The court noted that an employer has statutory obligations under section 8 of the Safety Health and Welfare at Work Act 2005 to provide inter alia, a safe system of work for employees, adequate training and risk assessments, as far as reasonably practicable.
The court also referred to the criteria for recovery in nervous shock cases under Kelly v. Hennessy [1995] 3 IR 253. The court noted that the defendant claimed that the injury was not caused by the defendant’s act and that the shooting was entirely unforeseeable.
Ms Justice Egan held that, notwithstanding her initial training in mobile panic alarms, it was reasonable for the plaintiff to think that they were only intended for staff who handled cash. The court noted the failure to call the line manager to give evidence on this issue. Further, the court commented that it was unclear if the manager’s office would have been open to retrieve an alarm at the time, since the plaintiff began her shift before the manager.
The court held that the defendant had identified the risk of robbery or security incidents Accordingly, it was necessary for the defendant to ensure that safety measures were complied with by staff. It was held that the defendant failed to implement its own system.

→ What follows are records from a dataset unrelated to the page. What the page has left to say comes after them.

Definition StoneRA_hom (T U : Type) (P : T -> Prop)
  (join1 meet1 comp1 : T -> T -> T) (pc1 conv1 : T -> T) (bot1 top1 one1 : T)
  (join2 meet2 comp2 : U -> U -> U) (pc2 conv2 : U -> U) (bot2 top2 one2 : U)
  (h : T -> U) : Prop :=
  (forall x y, P x -> P y -> h (join1 x y) = join2 (h x) (h y)) /\
  (forall x y, P x -> P y -> h (meet1 x y) = meet2 (h x) (h y)) /\
  (forall x y, P x -> P y -> h (comp1 x y) = comp2 (h x) (h y)) /\
  (forall x, P x -> h (pc1 x) = pc2 (h x)) /\
  (forall x, P x -> h (conv1 x) = conv2 (h x)) /\
  h bot1 = bot2 /\ h top1 = top2 /\ h one1 = one2.

(* Distinct ideal-points p, q are orthogonal, p˘q = ⊥: otherwise p˘q is a non-zero ideal with
   p (p˘q) ⊑ q, so p ⊑ q, and comparable points are equal. With ⊤ = ⊔ IP(S) and the Dedekind law
   the ideal-points form a partition of identity, ⊔ p p˘ = 1. Inserting it around x gives
   g (f x) = x; orthogonality and p˘p = ⊤ give f (g X) = X for X with ideal entries; inserting it
   between x and y gives f (x y) = f x · f y, as meet and composition agree on ideals. Meets are
   preserved entrywise because p˘ is univalent and q injective, and pseudocomplements because f is
   an order isomorphism. Hence f is a bijection S → M(S) preserving all operations, and M(S)
   inherits the axioms of S by transport along it. *)

From Stdlib Require Import List ClassicalEpsilon ProofIrrelevance FunctionalExtensionality.
Import ListNotations.
Set Implicit Arguments.
Unset Strict Implicit.

Section Transport.
Variables (T U : Type).
Variables (join1 meet1 comp1 : T -> T -> T) (pc1 conv1 : T -> T) (bot1 top1 one1 : T).
Variables (join2 meet2 comp2 : U -> U -> U) (pc2 conv2 : U -> U) (bot2 top2 one2 : U).
Variables (P : U -> Prop) (h : T -> U) (g : U -> T).
Hypothesis h_hom : StoneRA_hom (fun _ => True)
  join1 meet1 comp1 pc1 conv1 bot1 top1 one1 join2 meet2 comp2 pc2 conv2 bot2 top2 one2 h.
Hypothesis gK : forall x, g (h x) = x.
Hypothesis hK : forall y, P y -> h (g y) = y.

(* Writes every [y] with [P y] as [h x] and folds the operations of [U] back into [h]. *)
Local Ltac pull_back :=
  destruct h_hom as (hjoin & hmeet & hcomp & hpc & hconv & hbot & htop & hone);
  repeat match goal with Hy : P ?y |- _ =>
    let E := fresh in
    pose proof (hK Hy) as E; clear Hy; revert E; generalize (g y); intros ? E; subst y end;
  repeat rewrite <- ?hjoin, <- ?hmeet, <- ?hcomp, <- ?hpc, <- ?hconv, <- ?hbot, <- ?htop, <- ?hone
    by exact I.

Lemma StoneRA_hom_inverse : StoneRA_hom P
  join2 meet2 comp2 pc2 conv2 bot2 top2 one2 join1 meet1 comp1 pc1 conv1 bot1 top1 one1 g.
Proof.
  repeat split; intros; pull_back; apply gK.
Qed.

Hypothesis h_in : forall x, P (h x).

Lemma StoneRA_on_image :
  StoneRA_on (fun _ => True) join1 meet1 comp1 pc1 conv1 bot1 top1 one1 ->
  StoneRA_on P join2 meet2 comp2 pc2 conv2 bot2 top2 one2.
Proof.
  assert (h_inj : forall x y, h x = h y -> x = y).
  { intros x y E. rewrite <- (gK x), <- (gK y), E. reflexivity. }
  intro A; constructor; intros; pull_back; try apply h_in.
  all: try (split; intro E; apply h_inj in E; f_equal; apply (pc_spec A); trivial).
  all: f_equal; destruct A; auto.
Qed.
End Transport.

Section StoneRelationAlgebra.
Variable S : StoneRA.
Local Infix "⊔" := (sjoin S) (at level 50, left associativity).
Local Infix "⊓" := (smeet S) (at level 40, left associativity).
Local Infix "⋅" := (scomp S) (at level 31, left associativity).
Local Notation cv := (sconv S).
Local Notation pc := (spc S).
Local Notation bot := (sbot S).
Local Notation top := (stop S).
Local Notation one := (sone S).
Local Notation "x ⊑ y" := (@sle S x y) (at level 70).
Local Notation ax := (s_axioms S).
Local Notation bigjoinS := (bigjoin (sjoin S) (sbot S)).

Lemma sjoinA (x y z : S) : x ⊔ (y ⊔ z) = x ⊔ y ⊔ z.
Proof. exact (join_assoc ax x y z I I I). Qed.
Lemma smeetA (x y z : S) : x ⊓ (y ⊓ z) = x ⊓ y ⊓ z.
Proof. exact (meet_assoc ax x y z I I I). Qed.
Lemma sjoinC (x y : S) : x ⊔ y = y ⊔ x.
Proof. exact (join_comm ax x y I I). Qed.
Lemma smeetC (x y : S) : x ⊓ y = y ⊓ x.
Proof. exact (meet_comm ax x y I I). Qed.
Lemma sjoin_meet_absorb (x y : S) : x ⊔ (x ⊓ y) = x.
Proof. exact (join_meet_absorb ax x y I I). Qed.
Lemma smeet_join_absorb (x y : S) : x ⊓ (x ⊔ y) = x.
Proof. exact (meet_join_absorb ax x y I I). Qed.
Lemma smeet_joinDr (x y z : S) : x ⊓ (y ⊔ z) = x ⊓ y ⊔ x ⊓ z.
Proof. exact (meet_join_distr ax x y z I I I). Qed.
Lemma sjoin_botl (x : S) : bot ⊔ x = x.
Proof. exact (join_bot ax x I). Qed.
Lemma smeet_topl (x : S) : top ⊓ x = x.
Proof. exact (meet_top ax x I). Qed.
Lemma spcP (x y : S) : x ⊓ y = bot <-> x ⊑ pc y.
Proof. exact (pc_spec ax x y I I). Qed.
Lemma scompA (x y z : S) : x ⋅ (y ⋅ z) = x ⋅ y ⋅ z.
Proof. exact (comp_assoc ax x y z I I I). Qed.
Lemma scomp_onel (x : S) : one ⋅ x = x.
Proof. exact (comp_one_l ax x I). Qed.
Lemma scomp_oner (x : S) : x ⋅ one = x.
Proof. exact (comp_one_r ax x I). Qed.
Lemma scomp_joinDl (x y z : S) : x ⋅ (y ⊔ z) = x ⋅ y ⊔ x ⋅ z.
Proof. exact (comp_join_distr_l ax x y z I I I). Qed.
Lemma scomp_joinDr (x y z : S) : (x ⊔ y) ⋅ z = x ⋅ z ⊔ y ⋅ z.
Proof. exact (comp_join_distr_r ax x y z I I I). Qed.
Lemma scomp_botl (x : S) : bot ⋅ x = bot.
Proof. exact (comp_bot_l ax x I). Qed.
Lemma scomp_botr (x : S) : x ⋅ bot = bot.
Proof. exact (comp_bot_r ax x I). Qed.
Lemma sconvK (x : S) : cv (cv x) = x.
Proof. exact (conv_invol ax x I). Qed.
Lemma sconv_comp (x y : S) : cv (x ⋅ y) = cv y ⋅ cv x.
Proof. exact (conv_comp ax x y I I). Qed.
Lemma sconv_join (x y : S) : cv (x ⊔ y) = cv x ⊔ cv y.
Proof. exact (conv_join ax x y I I). Qed.
Lemma dedekind_l (x y z : S) : x ⋅ y ⊓ z ⊑ x ⋅ (y ⊓ cv x ⋅ z).
Proof. exact (dedekind ax x y z I I I). Qed.

Lemma sjoin_id (x : S) : x ⊔ x = x.
Proof. rewrite <- (smeet_join_absorb x x) at 2. apply sjoin_meet_absorb. Qed.
(* Let $\tau\in\mathcal{L}$. Then $C(\tau)$ is closed in the Euclidean space $\mathbb{R}$, and moreover $C(\tau)$ is closed and meager in the space $(\mathbb{R},\tau)$.
   Context: $\eta$ denotes the Euclidean topology on $\mathbb{R}$. $\mathcal{L}$ denotes the family of all Hausdorff topologies $\tau$ on $\mathbb{R}$ with $\tau\subset\eta$. For $\tau\in\mathcal{L}$ and $a\in\mathbb{R}$ let $\mathcal{N}_\tau(a)$ be the neighborhood filter of $a$ in $(\mathbb{R},\tau)$; $C(\tau)$ is the set of all $a\in\mathbb{R}$ with $\mathcal{N}_\tau(a)\neq\mathcal{N}_\eta(a)$. *)

(* The Euclidean topology on R : realType is the
   library topology ([open], [closed], [nbhs]); coarser topologies tau are
   represented by their family of open sets. *)
From HB Require Import structures.
From mathcomp Require Import all_boot all_order all_algebra.
From mathcomp Require Import all_classical all_reals all_analysis.
Set Implicit Arguments. Unset Strict Implicit. Unset Printing Implicit Defensive.
Import Order.TTheory GRing.Theory Num.Theory numFieldNormedType.Exports.
Local Open Scope classical_set_scope.

Section GenTop.
Variable T : Type.

Definition is_topology (O : set (set T)) : Prop :=
  [/\ O setT, O set0,
      (forall U V, O U -> O V -> O (U `&` V)) &
      (forall S : set (set T), S `<=` O -> O (\bigcup_(U in S) U))].

Definition hausdorff_top (O : set (set T)) : Prop :=
  forall x y : T, x <> y ->
    exists U V, [/\ O U, O V, U x, V y & U `&` V = set0].

Definition nbhs_top (O : set (set T)) (a : T) : set (set T) :=
  [set A | exists U, [/\ O U, U a & U `<=` A]].

Definition closed_top (O : set (set T)) (A : set T) : Prop := O (~` A).

Definition closure_top (O : set (set T)) (A : set T) : set T :=
  [set x | forall U, O U -> U x -> U `&` A !=set0].

Definition interior_top (O : set (set T)) (A : set T) : set T :=
  [set x | exists U, [/\ O U, U x & U `<=` A]].

Definition nowhere_dense_top (O : set (set T)) (A : set T) : Prop :=
  interior_top O (closure_top O A) = set0.

Definition meager_top (O : set (set T)) (A : set T) : Prop :=
  exists F : nat -> set T,
    (forall n, nowhere_dense_top O (F n)) /\ A `<=` \bigcup_n F n.
End GenTop.

Definition in_L (R : realType) (tau : set (set R)) : Prop :=
  [/\ is_topology tau, hausdorff_top tau & (forall U, tau U -> open U)].

Definition Cset (R : realType) (tau : set (set R)) : set R :=
  [set a | nbhs_top tau a <> nbhs a].

(* A compact Euclidean set is compact for the coarser Hausdorff topology tau,
   hence tau-closed; in particular bounded closed intervals are tau-closed.
   So if a tau-open set V around a lies in a bounded interval [p, q], removing
   the tau-closed pieces [p, a - e] and [a + e, q] from V leaves a tau-open
   subset of the Euclidean ball of radius e around a: the two neighborhood
   filters agree at a, and at every other point of V.  Thus the complement of
   C(tau) is a union of bounded tau-open sets, so C(tau) is tau-closed (and a
   fortiori Euclidean closed).  Each C(tau) ∩ [-n, n] is then tau-closed, and
   a tau-open set inside it would be bounded and hence miss C(tau): these
   pieces are nowhere dense and cover C(tau). *)
From mathcomp Require Import all_boot all_order all_algebra.
From mathcomp Require Import all_classical all_reals all_analysis.
From mathcomp Require Import lra.
Set Implicit Arguments. Unset Strict Implicit. Unset Printing Implicit Defensive.
Import numFieldNormedType.Exports.
Import Order.TTheory GRing.Theory Num.Theory.
Local Open Scope classical_set_scope.
Local Open Scope ring_scope.

Section OpenSetTopology.
Variables (T : Type) (O : set (set T)).

Lemma closure_top_sub (A B : set T) :
  closed_top O B -> A `<=` B -> closure_top O A `<=` B.
Proof.
move=> OnB AB x clAx; apply: contrapT => nBx.
by have [y [nBy /AB]] := clAx _ OnB nBx.
Qed.

Hypothesis O_top : is_topology O.

Lemma open_top_nbhs_top (A : set T) :
  (forall x, A x -> nbhs_top O x A) -> O A.
Proof.
move=> AO; case: O_top => _ _ _ O_bigcup.
have -> : A = \bigcup_(U in [set U | O U /\ U `<=` A]) U.
  apply/seteqP; split => [x /AO [U [OU Ux UA]]|x [U [_ UA] /UA //]].
  by exists U.
by apply: O_bigcup => U [].
Qed.

End OpenSetTopology.

Section CoarserHausdorffTopology.
Variables (T : topologicalType) (tau : set (set T)).
Hypotheses (tau_top : is_topology tau) (tau_hausdorff : hausdorff_top tau).
Hypothesis tau_open : forall U, tau U -> open U.

Lemma nbhs_top_sub_nbhs (a : T) : nbhs_top tau a `<=` nbhs a.
Proof.
move=> A [U [tU Ua UA]]; apply: filterS UA _.
by apply: open_nbhs_nbhs; split => //; exact: tau_open.
Qed.

Lemma compact_separated_top (K : set T) (x : T) :
  compact K -> ~ K x -> exists V, [/\ tau V, V x & V `&` K = set0].
Proof.
move=> cK nKx; apply: contrapT => noV.
case: tau_top => tT _ tI _.
pose F := filter_from [set V | tau V /\ V x] (fun V => V `&` K).
have F_proper : ProperFilter F.
  apply: filter_from_proper; last first.
    by move=> V [tV Vx]; apply/set0P/eqP => VK0; apply: noV; exists V.
  apply: filter_from_filter; first by exists setT.
  move=> V W [tV Vx] [tW Wx]; exists (V `&` W); first by split; [exact: tI|].
  by move=> y [[? ?] ?].
have FK : F K by exists setT => // y [].
have [y [Ky Fy]] := cK F F_proper FK.
have xy : x <> y by move=> exy; apply: nKx; rewrite exy.
have [U [W [tU tW Ux Wy UW0]]] := tau_hausdorff xy.
have FUK : F (U `&` K) by exists U.
have nbhsW : nbhs y W by apply: nbhs_top_sub_nbhs; exists W; split.
have [z [[Uz _] Wz]] := Fy _ _ FUK nbhsW.
by have : (U `&` W) z by []; rewrite UW0.
Qed.

Lemma compact_closed_top (K : set T) : compact K -> closed_top tau K.
Proof.
move=> cK; apply: (open_top_nbhs_top tau_top) => x nKx.
have [V [tV Vx VK0]] := compact_separated_top cK nKx.
exists V; split=> // y Vy Ky.
by have : (V `&` K) y by []; rewrite VK0.
Qed.

End CoarserHausdorffTopology.

Section CoarserTopologyOnReals.
Variables (R : realType) (tau : set (set R)).
Hypothesis tauL : in_L tau.

Let tau_top : is_topology tau. Proof. by case: tauL. Qed.
Let tau_hausdorff : hausdorff_top tau. Proof. by case: tauL. Qed.
Let tau_open : forall U, tau U -> open U. Proof. by case: tauL. Qed.

Lemma itv_closed_top (p q : R) : closed_top tau `[p, q].
Proof. exact (compact_closed_top tau_top tau_hausdorff tau_open (@segment_compact R p q)). Qed.

Lemma nbhs_top_bounded (V : set R) (a p q : R) :
  tau V -> V a -> V `<=` `[p, q] -> nbhs_top tau a = nbhs a.
Proof.
move=> tV Va Vpq; case: tau_top => _ _ tI _.
apply/seteqP; split; first exact: (nbhs_top_sub_nbhs (T := R) tau_open).
move=> A /nbhs_ballP [e /= e0 ballA].
exists (V `&` ~` `[p, a - e / 2] `&` ~` `[a + e / 2, q]); split.
- by apply: (tI); [apply: (tI) => //|]; exact (itv_closed_top _ _).
- split; [split => //|]; apply/negP; rewrite /= in_itv /= negb_and -!ltNge.
    by apply/orP; right; lra.
  by apply/orP; left; lra.
- move=> y [[/[dup] Vy /Vpq]]; rewrite /= !in_itv /= => /andP [py yq].
  move=> /negP + /negP; rewrite py yq /= andbT -!ltNge => y_gt y_lt.
  by apply: ballA; rewrite -ball_normE /ball_ /= ltr_norml; apply/andP; split; lra.
Qed.

Lemma Cset_closed_top : closed_top tau (Cset tau).
Proof.
apply: (open_top_nbhs_top tau_top) => a /contrapT nCa.
have : nbhs a `[a - 1, a + 1]%classic.
  apply/nbhs_ballP; exists 1 => //= y.
  rewrite -ball_normE /ball_ /= ltr_norml in_itv /= => /andP [? ?].
  by apply/andP; split; lra.
rewrite -nCa => -[U [tU Ua Ubnd]]; exists U; split=> // y Uy.
by rewrite /Cset /= (nbhs_top_bounded tU Uy Ubnd).
Qed.

Lemma Cset_closed : closed (Cset tau).
Proof.
by rewrite -[Cset _]setCK; apply/open_closedC/tau_open/Cset_closed_top.
Qed.

Lemma nowhere_dense_Cset_itv (p q : R) :
  nowhere_dense_top tau (Cset tau `&` `[p, q]).
Proof.
apply/seteqP; split => // a [U [tU Ua Ucl]].
have UCpq : U `<=` Cset tau `&` `[p, q].
  move=> y /Ucl cly; split.
  - exact (closure_top_sub Cset_closed_top (@subIsetl _ _ _) cly).
  - exact (closure_top_sub (itv_closed_top p q) (@subIsetr _ _ _) cly).
have [Ca _] := UCpq a Ua.
by apply: Ca; exact: nbhs_top_bounded tU Ua (fun y Uy => (UCpq y Uy).2).
Qed.

Lemma Cset_meager : meager_top tau (Cset tau).
Proof.
exists (fun n => Cset tau `&` `[- n%:R, n%:R]); split=> [n|a Ca].
  exact: nowhere_dense_Cset_itv.
exists (Num.truncn `|a|).+1 => //; split=> //.
rewrite /= in_itv /= -ler_norml; apply: ltW; exact: truncnS_gt.
Qed.

End CoarserTopologyOnReals.

Theorem proposition3 (R : realType) (tau : set (set R)) :
  in_L tau ->
  [/\ closed (Cset tau), closed_top tau (Cset tau) & meager_top tau (Cset tau)].
Proof.
move=> tauL; split; [exact: Cset_closed | exact: Cset_closed_top | exact: Cset_meager].
Qed.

Further, the court held that the plaintiff’s pleaded case was for damages arising from the aggravation of her PTSD due to the failures of the defendant. Since she was not seeking damages for the totality of her injuries, the court held that the defendant could not rely on the unforeseeably violent nature of the incident to avoid liability. The court therefore distinguished cases such as Matthews v. Irish Society for Autism and the National Autistic Association [1997] IEHC 64 and Breslin v. Corcoran and the Motor Insurer Bureau of Ireland [2003] IESC 23.
Conclusion
The court considered the plaintiff’s previous diagnosis of PTSD and that she continued to suffer residual symptoms ten years after the event. She also required counselling, therapy and medication to deal with the aftermath of the attack. She eventually returned to working a four-day week.
The court held that the plaintiff’s terror would have been exacerbated by not having the panic alarm. The court awarded €10,000 for the first eighteen months of the nervous shock, €20,000 for the remaining period and €3,000 for special damages.